Kenyan feminist, educator, and academic

Kakenya Ntaiya (born 1978) is a Kenyan educator, feminist and social activist.

She is the founder and president of the Kakenya Center for Excellence, a primary boarding school for girls in the Maasai village of Enoosaen. The first class of 30 students enrolled in May 2009. The center requires that parents agree not to subject their enrolled daughters to female genital mutilation (FGM/C) or forced marriage.

== Early life and education ==
Ntaiya is the eldest of eight children. Maasai tradition and culture dictated that Ntaiya should be engaged around the age of five, undergo female genital mutilation (FGM) as a teenager, and then leave school to marry. Instead, she negotiated with her father that she would undergo FGM if that meant she could continue her education and complete high school.

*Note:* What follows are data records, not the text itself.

Lemma bump_lipschitz h r : 0 < r -> lipschitz_with d h 1 -> lipschitz_with d (bump h r) (/ r).
Proof.
  intros Hr Hh x y. unfold bump. eapply Rle_trans; [apply clamp_nonexpansive; lra |].
  replace (2 - h x / r - (2 - h y / r)) with (h y / r - h x / r) by ring.
  rewrite Rabs_minus_sym. apply lipschitz_div; auto.
Qed.

Definition avoid (r : R) (S : list T) (t : T) : R :=
  fold_right (fun s acc => Rmin (clamp 0 1 (d t s / r)) acc) 1 S.

Lemma avoid_range r S t : 0 <= avoid r S t <= 1.
Proof.
  induction S as [| s S IH]; simpl; [lra |].
  pose proof (clamp_range 0 1 (d t s / r)). unfold Rmin. destruct Rle_dec; lra.
Qed.

Lemma avoid_lipschitz r S : 0 < r -> lipschitz_with d (avoid r S) (/ r).
Proof.
  intros Hr. pose proof (Rinv_0_lt_compat r Hr). induction S as [| s S IH]; simpl.
  - apply (lipschitz_le _ 0); [lra | apply lipschitz_const].
  - apply lipschitz_min; auto. apply lipschitz_comp; [apply clamp_nonexpansive; lra |].
    apply lipschitz_div, lipschitz_dist; auto.
Qed.

Lemma avoid_zero r S s : In s S -> avoid r S s = 0.
Proof.
  induction S as [| s' S IH]; simpl; [tauto |]. intros Hs.
  pose proof (clamp_range 0 1 (d s s' / r)). pose proof (avoid_range r S s).
  destruct Hs as [<- | Hs].
  - rewrite dist_self, Rdiv_0_l, clamp_id by lra. unfold Rmin. destruct Rle_dec; lra.
  - rewrite IH by auto. unfold Rmin. destruct Rle_dec; lra.
Qed.

Lemma avoid_near r S t : 0 < r -> avoid r S t < 1 -> exists s, In s S /\ d t s < r.
Proof.
  intros Hr. induction S as [| s S IH]; simpl; [lra |]. intros Ht.
  destruct (Rle_dec (clamp 0 1 (d t s / r)) (avoid r S t)) as [Hle | Hle].
  - exists s. split; auto. rewrite Rmin_left in Ht by auto.
    apply clamp_lt_hi in Ht; [| lra].
    apply (Rmult_lt_compat_r r) in Ht; auto. unfold Rdiv in Ht.
    rewrite Rmult_assoc, Rinv_l in Ht by lra. lra.
  - rewrite Rmin_right in Ht by lra. destruct (IH Ht) as [s' [Hs' Hd]]. eauto.
Qed.

Lemma molecule_swap x y f : molecule d y x f = - molecule d x y f.
Proof. unfold molecule. rewrite dist_sym. unfold Rdiv. ring. Qed.

Lemma molecule_separates x y g a : Rabs (molecule d x y g - a) < Rabs a -> g x <> g y.
Proof.
  intros H E. unfold molecule in H.
  rewrite E, Rminus_diag, Rdiv_0_l, Rminus_0_l, Rabs_Ropp in H. lra.
Qed.

Lemma molecule_sub_bound u1 u2 x y f K rho : u1 <> u2 -> 0 <= K -> lipschitz_with d f K ->
  rho <= d u1 u2 / 4 -> d x u1 < rho -> d y u2 < rho ->
  Rabs (molecule d x y f - molecule d u1 u2 f) <=
  4 * rho * (K * d u1 u2 + Rabs (f u1 - f u2)) / (d u1 u2 * d u1 u2).
Proof.
  intros Hne HK Hf Hr4 Hx Hy. pose proof (dist_pos u1 u2 Hne) as Hd0.
  set (d0 := d u1 u2) in *. set (D := d x y).
  assert (HD : - (2 * rho) <= d0 - D <= 2 * rho).
  { pose proof (dist_triangle u1 x u2). pose proof (dist_triangle x y u2).
    pose proof (dist_triangle x u1 y). pose proof (dist_triangle u1 u2 y).
    rewrite (dist_sym u1 x), (dist_sym u2 y) in *. unfold d0, D. lra. }
  assert (HDpos : d0 / 2 <= D) by lra.
  set (N := f x - f y). set (N0 := f u1 - f u2).
  assert (HN : Rabs (N - N0) <= 2 * K * rho).
  { unfold N, N0. replace (f x - f y - (f u1 - f u2)) with ((f x - f u1) - (f y - f u2)) by ring.
    eapply Rle_trans; [apply Rabs_sub_le |].
    pose proof (Hf x u1). pose proof (Hf y u2). nra. }
  assert (Hnum : Rabs (N * d0 - N0 * D) <= 2 * rho * (K * d0 + Rabs N0)).
  { replace (N * d0 - N0 * D) with ((N - N0) * d0 + N0 * (d0 - D)) by ring.
    eapply Rle_trans; [apply Rabs_triang |]. rewrite !Rabs_mult, (Rabs_right d0) by lra.
    pose proof (Rabs_pos N0). pose proof (Rabs_le _ _ HD). nra. }
  unfold molecule. fold D d0 N N0.
  replace (N / D - N0 / d0) with ((N * d0 - N0 * D) * / (D * d0)) by (field; lra).
  assert (HI : / (D * d0) <= 2 / (d0 * d0)).
  { replace (2 / (d0 * d0)) with (/ (d0 * d0 / 2)) by (field; lra).
    apply Rinv_le_contravar; nra. }
  rewrite Rabs_mult, (Rabs_right (/ (D * d0))) by (apply Rle_ge, Rlt_le, Rinv_0_lt_compat; nra).
  eapply Rle_trans.
  - apply Rmult_le_compat; [apply Rabs_pos | | exact Hnum | exact HI].
    apply Rlt_le, Rinv_0_lt_compat. nra.
  - right. field. lra.
Qed.

Lemma abs_molecule_near u1 u2 f K gam : u1 <> u2 -> 0 <= K -> lipschitz_with d f K -> 0 < gam ->
  exists rho, 0 < rho /\ forall x y,
    (d x u1 < rho \/ d y u1 < rho) -> (d x u2 < rho \/ d y u2 < rho) ->
    Rabs (Rabs (molecule d x y f) - Rabs (molecule d u1 u2 f)) < gam.
Proof.
  intros Hne HK Hf Hgam. pose proof (dist_pos u1 u2 Hne) as Hd0.
  set (d0 := d u1 u2) in *. set (Q := K * d0 + Rabs (f u1 - f u2)).
  assert (HQ : 0 <= Q) by (unfold Q; pose proof (Rabs_pos (f u1 - f u2)); nra).
  set (rho := Rmin (d0 / 4) (gam * (d0 * d0) / (4 * (Q + 1)))).
  assert (Hrho : 0 < rho).
  { apply Rmin_pos; [lra | apply Rdiv_lt_0_compat; [| lra]].
    apply Rmult_lt_0_compat; [lra | apply Rmult_lt_0_compat; lra]. }
  assert (Hr4 : rho <= d0 / 4) by apply Rmin_l.
  assert (Hsmall : 4 * rho * Q / (d0 * d0) < gam).
  { assert (Hr : rho * (4 * (Q + 1)) <= gam * (d0 * d0)).
    { apply (Rmult_le_reg_r (/ (4 * (Q + 1)))); [apply Rinv_0_lt_compat; lra |].
      rewrite Rmult_assoc, Rinv_r, Rmult_1_r by lra. apply Rmin_r. }
    apply (Rmult_lt_reg_r (d0 * d0)); [nra |].
    unfold Rdiv. rewrite Rmult_assoc, Rinv_l, Rmult_1_r by nra. nra. }
  exists rho. split; auto.
  assert (Hfar : forall z, d z u1 < rho -> d z u2 < rho -> False).
  { intros z H1 H2. pose proof (dist_triangle u1 z u2) as H.
    rewrite (dist_sym u1 z) in H. fold d0 in H. lra. }
  intros x y [H1 | H1] [H2 | H2]; try solve [exfalso; eauto].
  - eapply Rle_lt_trans; [apply Rabs_triang_inv2 |].
    eapply Rle_lt_trans; [| exact Hsmall].
    exact (molecule_sub_bound u1 u2 x y f K rho Hne HK Hf Hr4 H1 H2).
  - rewrite <- (Ropp_involutive (molecule d x y f)), <- molecule_swap, Rabs_Ropp.
    eapply Rle_lt_trans; [apply Rabs_triang_inv2 |].
    eapply Rle_lt_trans; [| exact Hsmall].
    exact (molecule_sub_bound u1 u2 y x f K rho Hne HK Hf Hr4 H1 H2).
Qed.

Context {o : T}.

Lemma Lip0_lipschitz f : Lip0 d o f -> exists K, 0 < K /\ lipschitz_with d f K.
Proof.
  intros [_ [L HL]]. exists (Rabs L + 1). pose proof (Rle_abs L). pose proof (Rabs_pos L).
  split; [lra |]. apply (lipschitz_le _ L); auto. lra.
Qed.

Lemma Lip0_zero : Lip0 d o (fun _ => 0).
Proof. split; auto. exists 0. apply lipschitz_const. Qed.

Lemma Lip0_comb a b f g h : Lip0 d o f -> Lip0 d o g -> (forall t, h t = a * f t + b * g t) ->
  Lip0 d o h.
Proof.
  intros [Hf0 [L1 H1]] [Hg0 [L2 H2]] Hh. split; [rewrite Hh, Hf0, Hg0; ring |].
  exists (Rabs a * L1 + Rabs b * L2). intros x y. rewrite !Hh.
  replace (a * f x + b * g x - (a * f y + b * g y))
    with (a * (f x - f y) + b * (g x - g y)) by ring.
  eapply Rle_trans; [apply Rabs_triang |]. rewrite !Rabs_mult.
  specialize (H1 x y). specialize (H2 x y). pose proof (Rabs_pos a). pose proof (Rabs_pos b). nra.
Qed.

Lemma Lip0_add f g : Lip0 d o f -> Lip0 d o g -> Lip0 d o (fun t => f t + g t).
Proof. intros Hf Hg. apply (Lip0_comb 1 1 f g); auto. intros. ring. Qed.

Lemma Lip0_sub f g : Lip0 d o f -> Lip0 d o g -> Lip0 d o (fun t => f t - g t).
Proof. intros Hf Hg. apply (Lip0_comb 1 (-1) f g); auto. intros. ring. Qed.

Context {Phi : (T -> R) -> R} (HF : in_free_space d o Phi).

Lemma Phi_comb a b f g h : Lip0 d o f -> Lip0 d o g -> (forall t, h t = a * f t + b * g t) ->
  Phi h = a * Phi f + b * Phi g.
Proof.
  intros Hf Hg Hh. rewrite <- (proj1 HF a b f g Hf Hg). f_equal.
  apply functional_extensionality. auto.
Qed.

Lemma Phi_add f g : Lip0 d o f -> Lip0 d o g -> Phi (fun t => f t + g t) = Phi f + Phi g.
Proof. intros Hf Hg. rewrite (Phi_comb 1 1 f g); auto. ring. intros. ring. Qed.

Ntaiya holds an undergraduate degree from Randolph-Macon Woman's College in Lynchburg, Virginia. While a student there, she was the subject of a four-part series in the Washington Post titled "Kakenya's Promise". Ntaiya went on to earn a Doctorate in Education from the University of Pittsburgh, where she was the recipient of the Sheth International Young Alumni Achievement Award.

== Awards ==
Ntaiya is the recipient of a number of awards that recognize her work to educate girls: Vital Voices Global Leadership Award (2011), CNN Top Ten Hero of the Year (2013), and the Global Women's Rights Award from the Feminist Majority Foundation (2013).